Подъехала машина. Вернулся Коля. Адам проводил Сашеньку к грузовичку, помог ей взобраться в кузов.

Коля подошел к еще не закрытому брезентом заднему борту и доложил, что снабженец, который полетел в Москву, уверил его, что пакет будет у Сашиной мамы завтра.

– Ты представляешь! – восхищенно сказала Сашенька Адаму.

– Нормально. Они вылетают обычно ближе к полуночи и к утру бывают в Москве. Так что, я думаю, он не врет. И ему самому интересно сразу своего начальника повидать.

– Дай Бог! – пожелала Сашенька.

Адам ловко снял сапог с ее больной ноги.

– А я думала, не снимется, как ты здорово!
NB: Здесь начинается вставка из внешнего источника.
(* Let $M$ be a graded $R$-module. If the map $\psi^q$ is surjective, then the quasi-compact open subsets of $qp.Spec_g(M)$ (with the quasi-Zariski topology) are closed under finite intersection and form an open base.
   Context: $R=\bigoplus_{g\in G}R_g$ is a graded commutative ring with identity graded by a group $G$, $h(R)=\bigcup_g R_g$; $M$ is a graded $R$-module, $h(M)$ its homogeneous elements. $Gr(I)$ is the graded radical of a graded ideal $I$. $(K:_RM)=\{r: rM\subseteq K\}$. Graded prime submodule: proper graded $P$ with $rm\in P$ ($r\in h(R), m\in h(M)$) implying $m\in P$ or $r\in(P:_RM)$. $Gr_M(K)$: intersection of graded prime submodules containing $K$ ($M$ if none). Graded primeful property of $K$: for each graded prime $p\supseteq(K:_RM)$ there is a graded prime submodule $P\supseteq K$ with $(P:_RM)=p$. Graded quasi-primary submodule: proper graded $Q$ with $rm\in Q$ ($r\in h(R),m\in h(M)$) implying $r\in Gr((Q:_RM))$ or $m\in Gr_M(Q)$. $qp.Spec_g(M)$: graded quasi-primary submodules with the graded primeful property. $qp\text{-}V_M^g(K)=\{Q\in qp.Spec_g(M): Gr((Q:_RM))\supseteq Gr((K:_RM))\}$; the quasi-Zariski topology has closed sets exactly these. $\overline R=R/\mathrm{Ann}(M)$. A graded quasi-primary ideal of $\overline R$ is a proper graded ideal $q$ with $ab\in q$ ($a,b$ homogeneous) implying $a\in Gr(q)$ or $b\in Gr(q)$; $qp.Spec_g(\overline R)$ is the set of them. $\psi^q:qp.Spec_g(M)\to qp.Spec_g(\overline R)$ is $\psi^q(Q)=(Q:_RM)/\mathrm{Ann}(M)$. *)

From Stdlib Require List.
From HB Require Import structures.
From mathcomp Require Import all_boot all_algebra.
Set Implicit Arguments.
Unset Strict Implicit.
Unset Printing Implicit Defensive.
Import GRing.Theory.
Local Open Scope ring_scope.

Record group_str := GroupStr {
  gcarrier :> Type;
  gmul : gcarrier -> gcarrier -> gcarrier;
  gone : gcarrier;
  ginv : gcarrier -> gcarrier;
  gmulA : forall x y z, gmul x (gmul y z) = gmul (gmul x y) z;
  gmul1g : forall x, gmul gone x = x;
  gmulVg : forall x, gmul (ginv x) x = gone }.

Section Grading.
Variables (G : group_str) (V : zmodType) (VG : G -> V -> Prop).

Definition hsum (l : seq (G * V)) : V := \sum_(p <- l) p.2.

Definition is_decomp (x : V) (l : seq (G * V)) : Prop :=
  [/\ List.NoDup (map fst l), (forall p, List.In p l -> VG p.1 p.2)
    & x = hsum l].

Definition direct_sum_grading : Prop :=
  [/\ (forall g, VG g 0 /\ (forall x y, VG g x -> VG g y -> VG g (x - y))),
      (forall x, exists l, is_decomp x l)
    & (forall l, is_decomp 0 l -> forall p, List.In p l -> p.2 = 0)].

Definition homogeneous (x : V) : Prop := exists g, VG g x.
End Grading.

Record graded_ring (G : group_str) (R : comNzRingType) := GradedRing {
  rgrade : G -> R -> Prop;
  rgrade_ds : direct_sum_grading rgrade;
  rgrade_mul : forall g h a b, rgrade g a -> rgrade h b ->
                 rgrade (gmul g h) (a * b) }.

Record graded_module (G : group_str) (R : comNzRingType) (RG : graded_ring G R)
    (M : lmodType R) := GradedModule {
  mgrade : G -> M -> Prop;
  mgrade_ds : direct_sum_grading mgrade;
  mgrade_scale : forall g h r m, rgrade RG g r -> mgrade h m ->
                 mgrade (gmul g h) (r *: m) }.

Section GradedTheory.
Variables (G : group_str) (R : comNzRingType) (RG : graded_ring G R).
Variables (M : lmodType R) (MG : graded_module RG M).

Definition hR (r : R) := homogeneous (rgrade RG) r.
Definition hM (m : M) := homogeneous (mgrade MG) m.

Definition submodule (K : M -> Prop) : Prop :=
  [/\ K 0, (forall x y, K x -> K y -> K (x + y))
    & (forall r x, K x -> K (r *: x))].
Definition graded_submodule (K : M -> Prop) : Prop :=
  submodule K /\ forall x, K x ->
    exists l, is_decomp (mgrade MG) x l /\ forall p, List.In p l -> K p.2.
Definition proper_sub (K : M -> Prop) : Prop := exists m, ~ K m.

Definition ideal (I : R -> Prop) : Prop :=
  [/\ I 0, (forall x y, I x -> I y -> I (x + y))
    & (forall r x, I x -> I (r * x))].
Definition graded_ideal (I : R -> Prop) : Prop :=
  ideal I /\ forall x, I x ->
    exists l, is_decomp (rgrade RG) x l /\ forall p, List.In p l -> I p.2.
Definition proper_ideal (I : R -> Prop) : Prop := exists r, ~ I r.

Definition colon (K : M -> Prop) : R -> Prop := fun r => forall m, K (r *: m).
Definition ann : R -> Prop := fun r => forall m : M, r *: m = 0.

Definition Gr (I : R -> Prop) : R -> Prop := fun r =>
  exists l, is_decomp (rgrade RG) r l /\
    forall p, List.In p l -> exists n, I (p.2 ^+ n).

Definition graded_prime_ideal (p : R -> Prop) : Prop :=
  [/\ graded_ideal p, proper_ideal p &
      forall a b, hR a -> hR b -> p (a * b) -> p a \/ p b].

Definition graded_prime_submodule (P : M -> Prop) : Prop :=
  [/\ graded_submodule P, proper_sub P &
      forall r m, hR r -> hM m -> P (r *: m) -> P m \/ colon P r].

Definition GrM (K : M -> Prop) : M -> Prop := fun m =>
  forall P, graded_prime_submodule P -> (forall x, K x -> P x) -> P m.

Definition primeful (K : M -> Prop) : Prop :=
  forall p, graded_prime_ideal p -> (forall r, colon K r -> p r) ->
    exists P, [/\ graded_prime_submodule P, (forall x, K x -> P x) &
                  forall r, colon P r <-> p r].

Definition graded_quasi_primary_submodule (Q : M -> Prop) : Prop :=
  [/\ graded_submodule Q, proper_sub Q &
      forall r m, hR r -> hM m -> Q (r *: m) -> Gr (colon Q) r \/ GrM Q m].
– Да ладно уж! – польщенно отвечал Адам. – У меня с руками все в порядке.

– У тебя со всем все в порядке! – засмеялась Сашенька, умащиваясь на топчанчике. – Возвращайся к ребятам, а я пока так полежу, не раздеваясь. Мне без тебя будет холодно.
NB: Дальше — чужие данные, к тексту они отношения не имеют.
(* Let $A\ge A^*:=\mu T(e^{\rho T}-1)^{-1}$, $\phi\in\mathcal C_A$, and let $(v_n)_{n\ge0}$ be the sequence defined in the context. There exists a modulus $\widehat m$ such that $$\sup_{n\ge1}\big|e^{\rho t}v_n(t,x)-\phi(x)\big|\le\widehat m(t)\quad\text{for all }(t,x)\in\overline Q.$$
   Context: $W$ is a one-dimensional Brownian motion; constants $\mu>0$, $\sigma>0$, $\rho>0$, $T>0$, $\lambda_f>0$, $\lambda_p>0$; $c(\zeta)=(\lambda_f+(1+\lambda_p)\zeta)\mathbf 1_{\{\zeta>0\}}$; for $\psi:[0,\infty)\to\mathbb R$, $\mathcal I(\psi)(x):=\sup_{\zeta>0}(\psi(x+\zeta)-c(\zeta))$; $a^+=\max(a,0)$. $Q:=(0,T)\times(0,\infty)$. For $x\ge0$, $X^x_s:=x+\mu s+\sigma W_s$, $\theta^x:=\inf\{s>0:X^x_s<0\}$. $\mathcal C_A$: the set of continuous nondecreasing $\phi:[0,\infty)\to[0,\infty)$ with $(\mathcal I(\phi)(x))^+\le\phi(x)$ for all $x$, $\phi(0)=(\mathcal I(\phi)(0))^+$, and $x\mapsto\phi(x)-x$ nondecreasing with values in $[0,A]$. Sequence: $v_0(t,x):=\mathbb E[e^{-\rho t}\phi(X^x_t)\mathbf 1_{\{\theta^x\ge t\}}]$, and for $n\ge1$, $v_n\in C^\infty(Q)\cap C(\overline Q)$ is the (unique) solution of $\rho v_n+(\partial_t-\mu\partial_x-\tfrac12\sigma^2\partial_{xx})v_n=0$ on $Q$, $v_n(0,x)=\phi(x)$ for $x\ge0$, $v_n(t,0)=(\mathcal I(v_{n-1}(t,\cdot))(0))^+$ for $t\in[0,T]$; these satisfy $e^{-\rho t}x\le v_n(t,x)\le e^{-\rho t}(x+A+\mu t)$. A modulus is an increasing function $m:[0,\infty)\to[0,\infty)$, continuous at $0$, with $m(0)=0$. *)

From Stdlib Require Import Reals Lra List.
From Coquelicot Require Import Coquelicot.
Open Scope R_scope.

Definition cost (lf lp z : R) : R :=
  if Rlt_dec 0 z then lf + (1 + lp) * z else 0.

Definition Iop (lf lp : R) (psi : R -> R) (x : R) : Rbar :=
  Lub_Rbar (fun r => exists z, 0 < z /\ r = psi (x + z) - cost lf lp z).

Definition rbar_pos (r : Rbar) : Rbar :=
  match r with
  | Finite a => Finite (Rmax a 0)
  | p_infty => p_infty
  | m_infty => Finite 0
  end.

Definition in_CA (lf lp A : R) (phi : R -> R) : Prop :=
  (forall x, 0 <= x ->
     filterlim phi (within (fun y => 0 <= y) (locally x)) (locally (phi x)))
  /\ (forall x y, 0 <= x -> x <= y -> phi x <= phi y)
  /\ (forall x, 0 <= x -> 0 <= phi x)
  /\ (forall x, 0 <= x -> Rbar_le (rbar_pos (Iop lf lp phi x)) (Finite (phi x)))
  /\ Finite (phi 0) = rbar_pos (Iop lf lp phi 0)
  /\ (forall x y, 0 <= x -> x <= y -> phi x - x <= phi y - y)
  /\ (forall x, 0 <= x -> 0 <= phi x - x <= A).

(* transition density of X^x_s = x + mu s + sigma W_s killed when leaving
   [0,oo) (method of images):  P(X^x_t in dy, theta^x >= t) = kdens t x y dy,
   for t > 0, x >= 0, y > 0. *)
Definition kdens (mu sigma t x y : R) : R :=
  / (sigma * sqrt (2 * PI * t)) *
  (exp (- (y - x - mu * t) ^ 2 / (2 * sigma ^ 2 * t))
   - exp (- 2 * mu * x / sigma ^ 2)
     * exp (- (y + x - mu * t) ^ 2 / (2 * sigma ^ 2 * t))).

(* v_0(t,x) = E[e^{-rho t} phi(X^x_t) 1_{theta^x >= t}] *)
Definition v0 (mu sigma rho : R) (phi : R -> R) (t x : R) : R :=
  if Rle_dec t 0 then phi x
  else exp (- rho * t) *
       RInt_gen (fun y => phi y * kdens mu sigma t x y)
                (at_point 0) (Rbar_locally p_infty).

Fixpoint Dw (w : list bool) (f : R -> R -> R) : R -> R -> R :=
  match w with
  | nil => f
  | b :: w' =>
      let g := Dw w' f in
      if b then fun t x => Derive (fun s => g s x) t
      else fun t x => Derive (fun y => g t y) x
  end.

Definition inQ (T t x : R) : Prop := 0 < t < T /\ 0 < x.
Definition inQbar (T t x : R) : Prop := 0 <= t <= T /\ 0 <= x.

Definition smooth_on_Q (T : R) (f : R -> R -> R) : Prop :=
  forall (w : list bool) t x, inQ T t x ->
    filterlim (fun p : R * R => Dw w f (fst p) (snd p))
              (locally (t, x)) (locally (Dw w f t x))
    /\ ex_derive (fun s => Dw w f s x) t
    /\ ex_derive (fun y => Dw w f t y) x.

Definition cont_on_Qbar (T : R) (f : R -> R -> R) : Prop :=
  forall t x, inQbar T t x ->
    filterlim (fun p : R * R => f (fst p) (snd p))
              (within (fun p : R * R => inQbar T (fst p) (snd p)) (locally (t, x)))
              (locally (f t x)).

Definition is_modulus (m : R -> R) : Prop :=
  (forall s t, 0 <= s -> s < t -> m s < m t)
  /\ (forall t, 0 <= t -> 0 <= m t)
  /\ m 0 = 0
  /\ filterlim m (within (fun s => 0 <= s) (locally 0)) (locally 0).

From Stdlib Require Import Reals Lra Lia Psatz Classical ClassicalEpsilon.
From Coquelicot Require Import Coquelicot.
Open Scope R_scope.

(* Comparison with explicit barriers.  The operator
     L u = rho u + u_t - mu u_x - sigma^2/2 u_xx
   satisfies a maximum principle on rectangles [0,t1] x [0,R] because rho > 0, and
     e^{-rho t} (a + C e^t ((x - x0)^2 + (sigma^2 + mu^2) t) + D e^{-lam x + sigma^2 lam^2 t / 2})
   is a supersolution of L u = 0.  Fix e > 0.  Since phi - id is monotone and bounded, phi is
   uniformly continuous, hence |phi y - phi x| <= e + C (y - x)^2, so barriers centred at x0
   with a = phi(x0) + e or a = phi(x0) - e bound v_n at (t, x0); the a priori bounds on v_n take
   care of a far boundary x = R.  At x = 0 we argue by induction on n, using
   v_n(t,0) = (I v_{n-1}(t,.)(0))^+ and phi(0) = (I phi (0))^+: from above because no jump beats
   phi(0), from below because near-optimal jumps are bounded away from 0 (where the exponential
   term of the barrier is already small) and have bounded cost (so a short discount loses
   little).  Hence |e^{rho t} v_n - phi| <= 18 e for t <= t1(e), uniformly in n and x, and
   t plus the supremum of these errors over [0,t] is a modulus. *)

(** * Continuity and maxima on rectangles *)

Lemma ball_R (x e y : R) : ball x e y <-> Rabs (y - x) < e.
Proof. reflexivity. Qed.

Lemma ball_RxR (p q : R * R) (e : R) :
  ball p e q <-> Rabs (fst q - fst p) < e /\ Rabs (snd q - snd p) < e.
Proof. destruct p, q; reflexivity. Qed.

Definition rect (a b c d t x : R) : Prop := a <= t <= b /\ c <= x <= d.

Definition cont2_within (D : R -> R -> Prop) (f : R -> R -> R) (t x : R) : Prop :=
  forall eps, 0 < eps -> exists d, 0 < d /\ forall t' x', D t' x' ->
    Rabs (t' - t) < d -> Rabs (x' - x) < d -> Rabs (f t' x' - f t x) < eps.

Lemma cont2_within_of_filterlim (D : R -> R -> Prop) (f : R -> R -> R) (t x : R) :
  filterlim (fun p : R * R => f (fst p) (snd p))
    (within (fun p : R * R => D (fst p) (snd p)) (locally (t, x))) (locally (f t x)) ->
  cont2_within D f t x.
Proof.
  intros H eps Heps.
  destruct (proj1 (filterlim_locally _ _) H (mkposreal eps Heps)) as [d Hd].
  exists d; split; [apply cond_pos|].
  intros t' x' HD Ht Hx.
  apply (Hd (t', x')); [apply ball_RxR; auto | exact HD].
Qed.

Lemma cont2_within_of_continuous (D : R -> R -> Prop) (f : R -> R -> R) (t x : R) :
  continuous (fun p : R * R => f (fst p) (snd p)) (t, x) -> cont2_within D f t x.
Proof.
  intros H. apply cont2_within_of_filterlim.
  exact (filterlim_filter_le_1 _ (filter_le_within _) H).
Qed.

Lemma cont_within_eps_delta (f : R -> R) (D : R -> Prop) (x : R) :
  filterlim f (within D (locally x)) (locally (f x)) ->
  forall eps, 0 < eps -> exists d, 0 < d /\ forall y, D y ->
    Rabs (y - x) < d -> Rabs (f y - f x) < eps.
Proof.
  intros H eps Heps.
  destruct (proj1 (filterlim_locally _ _) H (mkposreal eps Heps)) as [d Hd].
  exists d; split; [apply cond_pos|]. intros y Hy Hyx. exact (Hd y Hyx Hy).
Qed.

Lemma cont2_within_subset (D D' : R -> R -> Prop) (f : R -> R -> R) (t x : R) :
  (forall t' x', D' t' x' -> D t' x') -> cont2_within D f t x -> cont2_within D' f t x.
Proof.
  intros HD H eps Heps. destruct (H eps Heps) as [d [Hd H1]].
  exists d; split; auto.
Qed.

Lemma cont2_within_lincomb (D : R -> R -> Prop) (f g : R -> R -> R) (s t x : R) :
  cont2_within D f t x -> cont2_within D g t x ->
  cont2_within D (fun a b => s * f a b - g a b) t x.
Proof.
  intros Hf Hg eps Heps.
  assert (Hs : 0 < Rabs s + 1) by (generalize (Rabs_pos s); lra).
  destruct (Hf (eps / 2 / (Rabs s + 1))) as [d1 [Hd1 H1]].
  { apply Rdiv_lt_0_compat; lra. }
  destruct (Hg (eps / 2)) as [d2 [Hd2 H2]]; [lra|].
  exists (Rmin d1 d2); split; [apply Rmin_pos; auto|].
  intros t' x' HD Ht Hx.
  assert (F := H1 t' x' HD (Rlt_le_trans _ _ _ Ht (Rmin_l _ _))
                 (Rlt_le_trans _ _ _ Hx (Rmin_l _ _))).
  assert (G := H2 t' x' HD (Rlt_le_trans _ _ _ Ht (Rmin_r _ _))
                 (Rlt_le_trans _ _ _ Hx (Rmin_r _ _))).
  assert (Fs : Rabs s * Rabs (f t' x' - f t x) <= eps / 2).
  { apply Rle_trans with ((Rabs s + 1) * (eps / 2 / (Rabs s + 1))).
    - apply Rmult_le_compat; try apply Rabs_pos; lra.
    - right; field; lra. }
  replace (s * f t' x' - g t' x' - (s * f t x - g t x))
    with (s * (f t' x' - f t x) - (g t' x' - g t x)) by ring.
  eapply Rle_lt_trans; [apply Rabs_triang|].
  rewrite Rabs_Ropp, Rabs_mult. lra.
Qed.

Lemma rect_unif_cont (a b c d : R) (f : R -> R -> R) :
  (forall t x, rect a b c d t x -> cont2_within (rect a b c d) f t x) ->
  forall eps, 0 < eps -> exists dd, 0 < dd /\ forall t x t' x',
    rect a b c d t x -> rect a b c d t' x' ->
    Rabs (t - t') < dd -> Rabs (x - x') < dd -> Rabs (f t x - f t' x') < eps.
Proof.
  intros Hf eps Heps.
  assert (Hloc : forall u w : R, exists r, 0 < r /\ (rect a b c d u w ->
     forall t x, rect a b c d t x -> Rabs (t - u) < 2 * r -> Rabs (x - w) < 2 * r ->
       Rabs (f t x - f u w) < eps / 2)).
  { intros u w. destruct (classic (rect a b c d u w)) as [Hr|Hr].
    - destruct (Hf u w Hr (eps / 2)) as [r [Hr0 H]]; [lra|].
      exists (r / 2); split; [lra|]. intros _ t x Htx Ht Hx. apply H; auto; lra.
    - exists 1; split; [lra | tauto]. }
  pose (g u w := proj1_sig (constructive_indefinite_description _ (Hloc u w))).
  assert (Hg : forall u w, 0 < g u w /\ (rect a b c d u w ->
     forall t x, rect a b c d t x -> Rabs (t - u) < 2 * g u w -> Rabs (x - w) < 2 * g u w ->
       Rabs (f t x - f u w) < eps / 2))
    by (intros u w; exact (proj2_sig (constructive_indefinite_description _ (Hloc u w)))).
  clearbody g.
  destruct (compactness_value_2d a b c d (fun u w => mkposreal (g u w) (proj1 (Hg u w))))
    as [dd Hdd]; simpl in Hdd.
  exists dd; split; [apply cond_pos|].
  intros t x t' x' [Ht Hx] Hr' Htt Hxx.
  apply NNPP. intro Hn. apply (Hdd t x Ht Hx). intros [u [w [Hu [Hw [Hu1 [Hw1 Hdg]]]]]].
  apply Hn. destruct (Hg u w) as [Hg0 Hgu].
  assert (A1 := Hgu (conj Hu Hw) t x (conj Ht Hx) ltac:(lra) ltac:(lra)).
  assert (A2 : Rabs (f t' x' - f u w) < eps / 2).
  { apply (Hgu (conj Hu Hw) t' x' Hr').
    - replace (t' - u) with ((t - u) - (t - t')) by ring.
      eapply Rle_lt_trans; [apply Rabs_triang|]. rewrite Rabs_Ropp. lra.
    - replace (x' - w) with ((x - w) - (x - x')) by ring.
      eapply Rle_lt_trans; [apply Rabs_triang|]. rewrite Rabs_Ropp. lra. }
  apply Rabs_def2 in A1. apply Rabs_def2 in A2. apply Rabs_def1; lra.
Qed.

(* Precomposing with [clamp a b] turns continuity relative to [a, b] into the two-sided
   continuity required by [continuity_ab_maj] and [Heine]. *)
Definition clamp (a b x : R) : R := Rmax a (Rmin b x).

Lemma clamp_in (a b x : R) : a <= b -> a <= clamp a b x <= b.
Proof. intros; unfold clamp, Rmax, Rmin; repeat destruct Rle_dec; lra. Qed.

Lemma clamp_id (a b x : R) : a <= x <= b -> clamp a b x = x.
Proof. intros; unfold clamp, Rmax, Rmin; repeat destruct Rle_dec; lra. Qed.

Lemma clamp_lipschitz (a b x y : R) :
  a <= b -> Rabs (clamp a b x - clamp a b y) <= Rabs (x - y).
Proof.
  intros; unfold clamp, Rmax, Rmin; repeat destruct Rle_dec;
  unfold Rabs; repeat destruct Rcase_abs; lra.
Qed.

Lemma continuity_pt_clamp (f : R -> R) (a b x : R) :
  a <= b -> a <= x <= b ->
  (forall eps, 0 < eps -> exists d, 0 < d /\ forall y, a <= y <= b ->
     Rabs (y - x) < d -> Rabs (f y - f x) < eps) ->
  continuity_pt (fun y => f (clamp a b y)) x.
Proof.
  intros Hab Hx Hf eps Heps. destruct (Hf eps Heps) as [d [Hd H]].
  exists d; split; [lra|]. intros y [_ Hy]. simpl in *; unfold R_dist in *.
  rewrite (clamp_id a b x Hx) in *. apply H; [apply clamp_in; auto|].
  rewrite <- (clamp_id a b x Hx). eapply Rle_lt_trans; [apply clamp_lipschitz|]; auto.
Qed.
Адам пошел догуливать в мужскую компанию.

Сашенька лежала на топчанчике в своем домике-грузовичке и думала о том, какой разнообразный получился день, как пахли травы в их уголке, как нес Адам ее на руках по широкому полю, какой он крепкий, ловкий, умелый да еще и красавец писаный… Боже, неужели все это мне?! Она задремала, и ей приснился сон: стоит она во всем рваном, с голыми плечами в каком-то глухом дворе, окруженном серыми стенами с потеками дождя, и вдруг одна стена двинулась на нее, и ей не спастись, не уйти… Она хочет вскрикнуть от ужаса и не может.

– Ты чего кричишь? – потряс ее за плечо Адам.
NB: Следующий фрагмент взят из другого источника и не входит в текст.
(* If $A$ is an $m$-dimensional permutation array of size $n_1\times\cdots\times n_m$ and odd order $n$, then there is an $n_1\times\cdots\times n_m$ window in the periodic extension of $A$ which has a repeated difference vector. In particular, no $m$-dimensional Costas array of odd order is periodic Costas.
   Context: For $n\in\mathbb{N}$, $[n]=\{1,\dots,n\}$; $m\ge2$, all $n_i\ge2$. A binary array $A:[n_1]\times\cdots\times[n_m]\to\{0,1\}$ is an $m$-dimensional permutation array if there exist $k$ with $1\le k<m$ and a bijection $\varphi:[n_1]\times\cdots\times[n_k]\to[n_{k+1}]\times\cdots\times[n_m]$ with $A(a_1,\dots,a_m)=1$ iff $\varphi(a_1,\dots,a_k)=(a_{k+1},\dots,a_m)$; points with value 1 are dots; order $n=n_1\cdots n_k$. The periodic extension $\mathbb{A}:\mathbb{Z}^m\to\{0,1\}$ is $\mathbb{A}(a_1,\dots,a_m)=A(a_1',\dots,a_m')$ with $a_i'\in[n_i]$, $a_i'\equiv a_i\pmod{n_i}$; an $n_1\times\cdots\times n_m$ window is the restriction of $\mathbb{A}$ to a box $\prod_i\{k_i,\dots,k_i+n_i-1\}$. The difference vector from dot $(a_i)$ to distinct dot $(w_i)$ is $\langle w_i-a_i\rangle_i$; a window has a repeated difference vector if two distinct ordered pairs of distinct dots in it have equal difference vectors. An $m$-dimensional Costas array is a permutation array with no repeated difference vector; it is periodic Costas if every $n_1\times\cdots\times n_m$ window of its periodic extension has no repeated difference vector. *)

From mathcomp Require Import all_boot all_order all_algebra.
Set Implicit Arguments. Unset Strict Implicit. Unset Printing Implicit Defensive.
Import Order.TTheory GRing.Theory Num.Theory.

(* Coordinates are 0-based: [n_i] = {1..n_i} is represented by {0..n_i-1}.
   A point of the box is a finite function 'I_m -> nat, a point of Z^m a
   finite function 'I_m -> int. *)

Section Defs.
Variable m : nat.
Variable n : 'I_m -> nat.
Notation pt := {ffun 'I_m -> nat}.
Notation zpt := {ffun 'I_m -> int}.

Definition inbox (a : pt) : Prop := forall i, a i < n i.

(* points of [n_1] x ... x [n_k], stored in coordinates < k (others are 0) *)
Definition lowbox (k : nat) (x : pt) : Prop :=
  forall i : 'I_m, if (i < k)%N then x i < n i else x i == 0%N.
(* points of [n_{k+1}] x ... x [n_m], stored in coordinates >= k *)
Definition highbox (k : nat) (y : pt) : Prop :=
  forall i : 'I_m, if (i < k)%N then y i == 0%N else y i < n i.

Definition lowpart (k : nat) (a : pt) : pt := [ffun i : 'I_m => if (i < k)%N then a i else 0%N].
Definition highpart (k : nat) (a : pt) : pt := [ffun i : 'I_m => if (i < k)%N then 0%N else a i].

Definition perm_array_wrt (k : nat) (A : pt -> bool) : Prop :=
  (0 < k < m)%N /\
  exists phi : pt -> pt,
    (forall x, lowbox k x -> highbox k (phi x)) /\
    (forall x y, lowbox k x -> lowbox k y -> phi x = phi y -> x = y) /\
    (forall y, highbox k y -> exists x, lowbox k x /\ phi x = y) /\
    (forall a, inbox a -> (A a <-> phi (lowpart k a) = highpart k a)).

Definition perm_array (A : pt -> bool) : Prop := exists k, perm_array_wrt k A.

Definition perm_order (k : nat) : nat := (\prod_(i < m | (i < k)%N) n i)%N.

Definition pext (A : pt -> bool) (z : zpt) : bool :=
  A [ffun i : 'I_m => `|((z i) %% (n i)%:Z)%Z|%N].

Definition in_window (c z : zpt) : Prop :=
  forall i, ((c i <= z i) /\ (z i <= c i + (n i)%:Z - 1))%R.

Definition rep_dv (D : zpt -> Prop) : Prop :=
  exists a w a' w' : zpt,
    [/\ D a, D w, D a' & D w'] /\ a != w /\ a' != w' /\ (a, w) != (a', w') /\
    forall i, (w i - a i = w' i - a' i)%R.

Definition window_dots (A : pt -> bool) (c : zpt) : zpt -> Prop :=
  fun z => in_window c z /\ pext A z.

Definition array_dots (A : pt -> bool) : zpt -> Prop :=
  fun z => (forall i, ((0 <= z i) /\ (z i < (n i)%:Z))%R) /\ A [ffun i : 'I_m => `|z i|%N].

Definition costas (A : pt -> bool) : Prop := perm_array A /\ ~ rep_dv (array_dots A).

Definition periodic_costas (A : pt -> bool) : Prop :=
  perm_array A /\ forall c : zpt, ~ rep_dv (window_dots A c).

End Defs.

From mathcomp Require Import all_boot all_order all_algebra zify.
Set Implicit Arguments. Unset Strict Implicit. Unset Printing Implicit Defensive.
Import Order.TTheory GRing.Theory Num.Theory.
– Ой, разве я кричала? Стена пошла на меня темно-серая, то ли земляная, то ли каменная. Я так испугалась! И мне казалось во сне, что хочу крикнуть и не могу…

– Сон не из лучших, – сказал Адам, раздеваясь.

– Тьфу! Тьфу! Тьфу! Куда ночь – туда и сон! Куда ночь – туда и сон! – присев на топчанчике, поплевала через левое плечо Сашенька.

– А ты суеверная?

– Конечно.

– И я суеверный. Это нормально. – Адам зевнул, выпитый спирт и долгая беседа с ребятами сморили его. – Ладно, иди ко мне!

LII

Тайными стараниями медсестры Нади с недавнего времени Анна Карповна была переведена из душной, мокрой, пропитанной парами хозяйственного мыла, карболки, хлорки и запахами грязного белья госпитальной прачечной на свое прежнее место – в посудомойку, в «затишок» между двумя могучими дубами, где невзирая на войну жили себе поживали старый волкодав Хлопчик, кошки-амазонки Туся, Муся, Марыся и Панночка, ежик Малой, а также единственный из оставленных на постоянное место жительства котят некто Мурзик, сумевший втереться в доверие к псу Хлопчику и даже спавший с ним в одной будке.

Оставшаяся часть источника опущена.